IPC/SM). The Huang et al. model also may produce negative throughput estimates when memory accesses are diverging.

We tracked errors to the following causes: (a) ignoring arithmetic latencies, which are small but may accumulate to large numbers; (b) ignoring memory bandwidth, which may limit throughput even if all accesses are fully coalesced; (c) assuming that NVIDIA GPUs can switch to a different warp only on long latency events, not on each cycle; and (d) using wrong concurrency in Little's law: warp concurrency (occupancy), instruction concurrency, arithmetic instruction concurrency, and memory instruction concurrency are all different quantities.

We found that for this workload, using the classical asymptotic bounds for concurrent systems [1] as throughput estimates produces a higher accuracy than when using the other reviewed models. These estimates are shown in Fig. 1 as a thin black line.

## 4 Conclusion

We used a microbenchmark to classify approaches to modeling GPU performance and exposed previously unknown limitations. Future work includes investigating the practical implications of our findings, such as whether the found limitations impair predictions for realistic workloads, and whether the asymptotic bounds may produce accurate throughput estimates in such cases.

### References

- Denning, P. J., and Buzen, J. P. 1978. The Operational Analysis of Queuing Network Models. ACM Computing Surveys 10, 3, 225–261.
- [2] Hong, S., and Kim, H. 2009. An analytical model for a GPU architecture with memory-level and thread-level parallelism awareness. In *International Symposium on Computer Architecture* (ISCA '09), 152–163.
- [3] Chen, X. E., and Aamodt, T. M. 2009. A first-order fine-grained multithreaded throughput model. In *International Symposium on High Performance Computer Architecture* (HPCA '09), 329–340.
- [4] Huang, J.-C., Lee, J. H., Kim, H., and Lee, H.-H. S. 2014. GPUMech: GPU performance modeling technique based on interval analysis. In *International Symposium on Microarchitecture* (MICRO-47), 268–279.
- [5] Sim, J., Dasgupta, A., Kim, H., and Vuduc, R. 2012. A performance analysis framework for identifying potential benefits in GPGPU applications. In Symposium on Principles and Practice of Parallel Programming (PPoPP '12), 11–22.
- [6] Zhang, Y., and Owens, J. D. 2011. A quantitative performance analysis model for GPU architectures. In *International Symposium on High Performance Computer Architecture* (HPCA '11), 382–393.
- [7] Baghsorkhi, S. S., Delahaye, M., Patel, S. J., Gropp, W. D., and Hwu, W. W. 2010. An adaptive performance modeling tool for GPU architectures.

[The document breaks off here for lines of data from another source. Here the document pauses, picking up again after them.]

(* Let $\mathcal C=(A,\bar A,B,\bar B,C,\bar C,D,\bar D,E,\bar E,F,\bar F)$ be a coefficient tuple and $\mathcal W=(Q,\bar Q,S,\bar S,R,\bar R,G,\bar G)$ a weight tuple. For any $H,K\in\Phi$, the existence and uniqueness of solutions of the Riccati systems $\mathrm{Ric}(\mathcal C,\mathcal W^{HK})$ are equivalent; in particular, for every $H,K\in\Phi$, $\mathrm{Ric}(\mathcal C,\mathcal W^{HK})$ admits a solution if and only if $\mathrm{Ric}(\mathcal C,\mathcal W)$ admits a solution, and its solution is unique if and only if the solution of $\mathrm{Ric}(\mathcal C,\mathcal W)$ is unique.
   Context: Fix $T>0$, integers $n,m\ge1$, a nonempty $\Theta\subseteq\mathbb R\setminus\{0\}$ and a $\sigma$-finite measure $\nu$ on $\Theta$ with $\int_\Theta(1\wedge\theta^2)\nu(d\theta)<\infty$. $\mathbb S^k$: symmetric $k\times k$ matrices. $L^\infty(0,T;M)$: bounded functions; $L^2_\nu(M)$: deterministic $r:[0,T]\times\Theta\to M$ with $\sup_t\int_\Theta|r(t,\theta)|^2\nu(d\theta)<\infty$. A coefficient tuple $\mathcal C=(A,\bar A,B,\bar B,C,\bar C,D,\bar D,E,\bar E,F,\bar F)$: deterministic $A,\bar A,C,\bar C\in L^\infty(0,T;\mathbb R^{n\times n})$, $B,\bar B,D,\bar D\in L^\infty(0,T;\mathbb R^{n\times m})$, $E,\bar E\in L^2_\nu(\mathbb R^{n\times n})$, $F,\bar F\in L^2_\nu(\mathbb R^{n\times m})$. A weight tuple $\mathcal W=(Q,\bar Q,S,\bar S,R,\bar R,G,\bar G)$: $Q,\bar Q\in L^\infty(0,T;\mathbb S^n)$, $R,\bar R\in L^\infty(0,T;\mathbb S^m)$, $S,\bar S\in L^\infty(0,T;\mathbb R^{n\times m})$, $G,\bar G\in\mathbb S^n$. Riccati system $\mathrm{Ric}(\mathcal C,\mathcal W)$: for deterministic $P,\Pi:[0,T]\to\mathbb S^n$, with $\Sigma_{0t}=R_t+D_t^\top P_tD_t+\int_\Theta F_{t,\theta}^\top P_tF_{t,\theta}\nu(d\theta)$, $\Sigma_{1t}=R_t+\bar R_t+(D_t+\bar D_t)^\top P_t(D_t+\bar D_t)+\int_\Theta(F_{t,\theta}+\bar F_{t,\theta})^\top P_t(F_{t,\theta}+\bar F_{t,\theta})\nu(d\theta)$ (invertible): $\dot P_t+P_tA_t+A_t^\top P_t+C_t^\top P_tC_t+\int_\Theta E_{t,\theta}^\top P_tE_{t,\theta}\nu(d\theta)+Q_t-\big(S_t+P_tB_t+C_t^\top P_tD_t+\int_\Theta E_{t,\theta}^\top P_tF_{t,\theta}\nu(d\theta)\big)\Sigma_{0t}^{-1}\big(S_t^\top+B_t^\top P_t+D_t^\top P_tC_t+\int_\Theta F_{t,\theta}^\top P_tE_{t,\theta}\nu(d\theta)\big)=0$, $P_T=G$; $\dot\Pi_t+\Pi_t(A_t+\bar A_t)+(A_t+\bar A_t)^\top\Pi_t+(C_t+\bar C_t)^\top P_t(C_t+\bar C_t)+\int_\Theta(E_{t,\theta}+\bar E_{t,\theta})^\top P_t(E_{t,\theta}+\bar E_{t,\theta})\nu(d\theta)+Q_t+\bar Q_t-\big[(S_t+\bar S_t)+\Pi_t(B_t+\bar B_t)+(C_t+\bar C_t)^\top P_t(D_t+\bar D_t)+\int_\Theta(E_{t,\theta}+\bar E_{t,\theta})^\top P_t(F_{t,\theta}+\bar F_{t,\theta})\nu(d\theta)\big]\Sigma_{1t}^{-1}\big[(S_t+\bar S_t)^\top+(B_t+\bar B_t)^\top\Pi_t+(D_t+\bar D_t)^\top P_t(C_t+\bar C_t)+\int_\Theta(F_{t,\theta}+\bar F_{t,\theta})^\top P_t(E_{t,\theta}+\bar E_{t,\theta})\nu(d\theta)\big]=0$, $\Pi_T=G+\bar G$. (For a weight tuple with components marked $HK$, the same system with each weight replaced accordingly.) $\Phi$ is the set of deterministic continuously differentiable bounded functions $[0,T]\to\mathbb S^n$. For $H,K\in\Phi$, $\mathcal W^{HK}=(Q^{HK},\bar Q^{HK},S^{HK},\bar S^{HK},R^{HK},\bar R^{HK},G^{HK},\bar G^{HK})$ is defined by $Q^{HK}_t=Q_t+\dot H_t+H_tA_t+A_t^\top H_t+C_t^\top H_tC_t+\int_\Theta E_{t,\theta}^\top H_tE_{t,\theta}\nu(d\theta)$, $S^{HK}_t=S_t+H_tB_t+C_t^\top H_tD_t+\int_\Theta E_{t,\theta}^\top H_tF_{t,\theta}\nu(d\theta)$, $R^{HK}_t=R_t+D_t^\top H_tD_t+\int_\Theta F_{t,\theta}^\top H_tF_{t,\theta}\nu(d\theta)$, $G^{HK}=G-H_T$, and $\bar Q^{HK},\bar S^{HK},\bar R^{HK},\bar G^{HK}$ determined by $Q^{HK}_t+\bar Q^{HK}_t=Q_t+\bar Q_t+\dot K_t+K_t(A_t+\bar A_t)+(A_t+\bar A_t)^\top K_t+(C_t+\bar C_t)^\top H_t(C_t+\bar C_t)+\int_\Theta(E_{t,\theta}+\bar E_{t,\theta})^\top H_t(E_{t,\theta}+\bar E_{t,\theta})\nu(d\theta)$, $S^{HK}_t+\bar S^{HK}_t=S_t+\bar S_t+K_t(B_t+\bar B_t)+(C_t+\bar C_t)^\top H_t(D_t+\bar D_t)+\int_\Theta(E_{t,\theta}+\bar E_{t,\theta})^\top H_t(F_{t,\theta}+\bar F_{t,\theta})\nu(d\theta)$, $R^{HK}_t+\bar R^{HK}_t=R_t+\bar R_t+(D_t+\bar D_t)^\top H_t(D_t+\bar D_t)+\int_\Theta(F_{t,\theta}+\bar F_{t,\theta})^\top H_t(F_{t,\theta}+\bar F_{t,\theta})\nu(d\theta)$, $G^{HK}+\bar G^{HK}=G+\bar G-K_T$. Note $\mathcal W^{00}=\mathcal W$. *)

From HB Require Import structures.
From mathcomp Require Import all_boot all_order all_algebra.
From mathcomp Require Import all_classical all_reals all_analysis.
Set Implicit Arguments. Unset Strict Implicit. Unset Printing Implicit Defensive.
Import Order.TTheory GRing.Theory Num.Theory.
Import numFieldNormedType.Exports.
Local Open Scope classical_set_scope.
Local Open Scope ring_scope.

In Symposium on Principles and Practice of Parallel Programming (PPoPP '10), 105–114.
- [8] NVIDIA. 2017. CUDA C Programming Guide v9.1. November 2017.
- [9] Saavedra-Barrera, R., Culler, D., and von Eicken, T. 1990. Analysis of multithreaded architectures for parallel computing. In Symposium on Parallel Algorithms and Architectures (SPAA '90), 169–178.